Respiratory navigator-gated, ECG-triggered, contrast-enhanced, 3D whole-heart balanced SSFP MRI with fat saturation and T2 preparation pulse was acquired in transverse plane at the ES and the ED, separately (n = 89) or simultaneously (n = 21) during free breathing. Imaging parameters that were used for the 3D whole-heart imaging were as follows: TR/TE, 3.8 ms/1.9 ms; flip angle, 60°; turbo field echo factor, 8–15; the number of cardiac phases, 1 or 2; temporal resolution, 30–100 ms; the number of signal averages, 1; voxel size, 1.3–1.8 mm × 1.3–1.8 mm × 1.3–1.8 mm; 130 slices; and SENSE factor, 1.5–2.0 in anteroposterior direction.

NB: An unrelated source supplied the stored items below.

Lemma strip_solutions_keep_order (V : R) (g1 g2 : R -> R) (s1 s2 : R) : v0 <= V ->
  ode_solution (Phi V) g1 -> ode_solution (Phi V) g2 -> g1 s2 < g2 s2 -> g1 s1 < g2 s1.
Proof.
  intros HV. pose proof (Hroots v0).
  apply (clamped_rhs_solutions_keep_order phi outgoing_rhs_dr); try lra.
  - apply outgoing_rhs_continuous.
  - apply outgoing_rhs_dr_continuous.
  - apply outgoing_rhs_derive.
Qed.

Lemma strip_solution_derive (V : R) (g : R -> R) (s : R) : ode_solution (Phi V) g ->
  v0 <= s <= V -> rm v0 <= g s <= rp v0 -> is_derive g s (phi s (g s)).
Proof.
  intros Hg Hs Hx. specialize (Hg s). unfold clamped_rhs in Hg. now rewrite !clamp_id in Hg.
Qed.

Lemma outgoing_rhs_at_rc (s : R) : phi s rc < 0.
Proof.
  unfold outgoing_rhs. pose proof (rm_lt_rc s). pose proof (rc_lt_rp s). pose proof (Hroots s).
  pose proof (HApos s rc ltac:(lra)). pose proof (HFpos s rc ltac:(lra)).
  assert (Hk : 0 < / 2 * (A s rc * F s rc) * (rc - rm s))
    by (repeat apply Rmult_lt_0_compat; lra).
  replace (/ 2 * (A s rc * F s rc) * (rc - rp s) * (rc - rm s))
    with (/ 2 * (A s rc * F s rc) * (rc - rm s) * (rc - rp s)) by ring.
  set (k := / 2 * (A s rc * F s rc) * (rc - rm s)) in *. nra.
Qed.

Lemma rp_minus_solution_continuous (V : R) (g : R -> R) (x : R) : ode_solution (Phi V) g ->
  continuous (fun s => rp s - g s) x.
Proof.
  intros Hg. destruct (Hrp_dec x) as [d [Hd _]].
  exact (is_derive_continuous _ _ _ (is_derive_minus _ _ _ _ _ Hd (Hg x))).
Qed.

Lemma rp_minus_solution_decreases_at_zero (V : R) (g : R -> R) (c : R) :
  ode_solution (Phi V) g -> v0 <= c <= V -> g c = rp c ->
  exists d, is_derive (fun s => rp s - g s) c d /\ d < 0.
Proof.
  intros Hg Hc Hgc. destruct (Hrp_dec c) as [d [Hd Hneg]].
  pose proof (horizons_in_strip c ltac:(lra)). pose proof (Hroots c).
  exists (d - phi c (g c)). split.
  - exact (is_derive_minus _ _ _ _ _ Hd (strip_solution_derive V g c Hg Hc ltac:(lra))).
  - rewrite Hgc. unfold outgoing_rhs. ring_simplify. lra.
Qed.

Lemma ray_before_outer_horizon (V v : R) (g : R -> R) : v0 <= v <= V ->
  ode_solution (Phi V) g -> g v = rp v -> forall s, v0 <= s < v -> rc < g s < rp s.
Proof.
  intros Hv Hg Hgv s Hs. split.
  - enough (0 < g s - rc) by lra.
    apply (pos_of_derive_neg_at_zeros (fun s => g s - rc) s v); [lra | | |].
    + intros x. exact (is_derive_continuous _ _ _
                         (is_derive_minus _ _ _ _ _ (Hg x) (is_derive_const rc x))).
    + rewrite Hgv. pose proof (rc_lt_rp v). lra.
    + intros c Hc Hgc. pose proof (rm_lt_rc v0). pose proof (rc_lt_rp v0).
      exists (phi c (g c) - 0). split.
      * exact (is_derive_minus _ _ _ _ _ (strip_solution_derive V g c Hg ltac:(lra) ltac:(lra))
                                         (is_derive_const rc c)).
      * replace (g c) with rc by lra. pose proof (outgoing_rhs_at_rc c). lra.
  - enough (0 < rp s - g s) by lra.
    apply (pos_before_zero_of_derive_neg_at_zeros (fun s => rp s - g s) v0 v);
      [intros x; exact (rp_minus_solution_continuous V g x Hg) | cbv beta; lra | | lra].
    intros c Hc Hgc. apply (rp_minus_solution_decreases_at_zero V); [exact Hg | lra | lra].
Qed.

Field of view was adjusted individually according to patient size. The acceptance window of pencil beam navigator placed on the diaphragmatic dome was adjusted to the range of 3–7 mm to achieve optimal navigator gating efficiency of approximately 60% depending on a patient's respiratory pattern. Eighty-phase four-chamber cine imaging was used to determine the timing and duration of the ES and ED phases independently of each other in 89 patients. In dual-phase whole-heart MRI sequence enabling simultaneous acquisition of the two cardiac phases (6), a shorter duration between the two was selected to avoid image degradation of a shorter, usually ES, phase in the remaining 21 patients. Since the true trigger delay for the ED phase determined by 80-phase four-chamber cine imaging was technically difficult to be incorporated in whole-heart MRI protocol, the actual ED trigger delay was set to be the longest allowable. The total scan time for the 3D whole-heart MRI including both ES and ED phases was variable depending on imaging parameters and navigator efficiency, and was approximately 10–12 minutes. Single dose (0.1 mmol/kg) of a gadolinium-based contrast agent (gadoterate meglumine; Guerbet, Villepinte, France) was intravenously administered immediately prior to whole-heart MRI.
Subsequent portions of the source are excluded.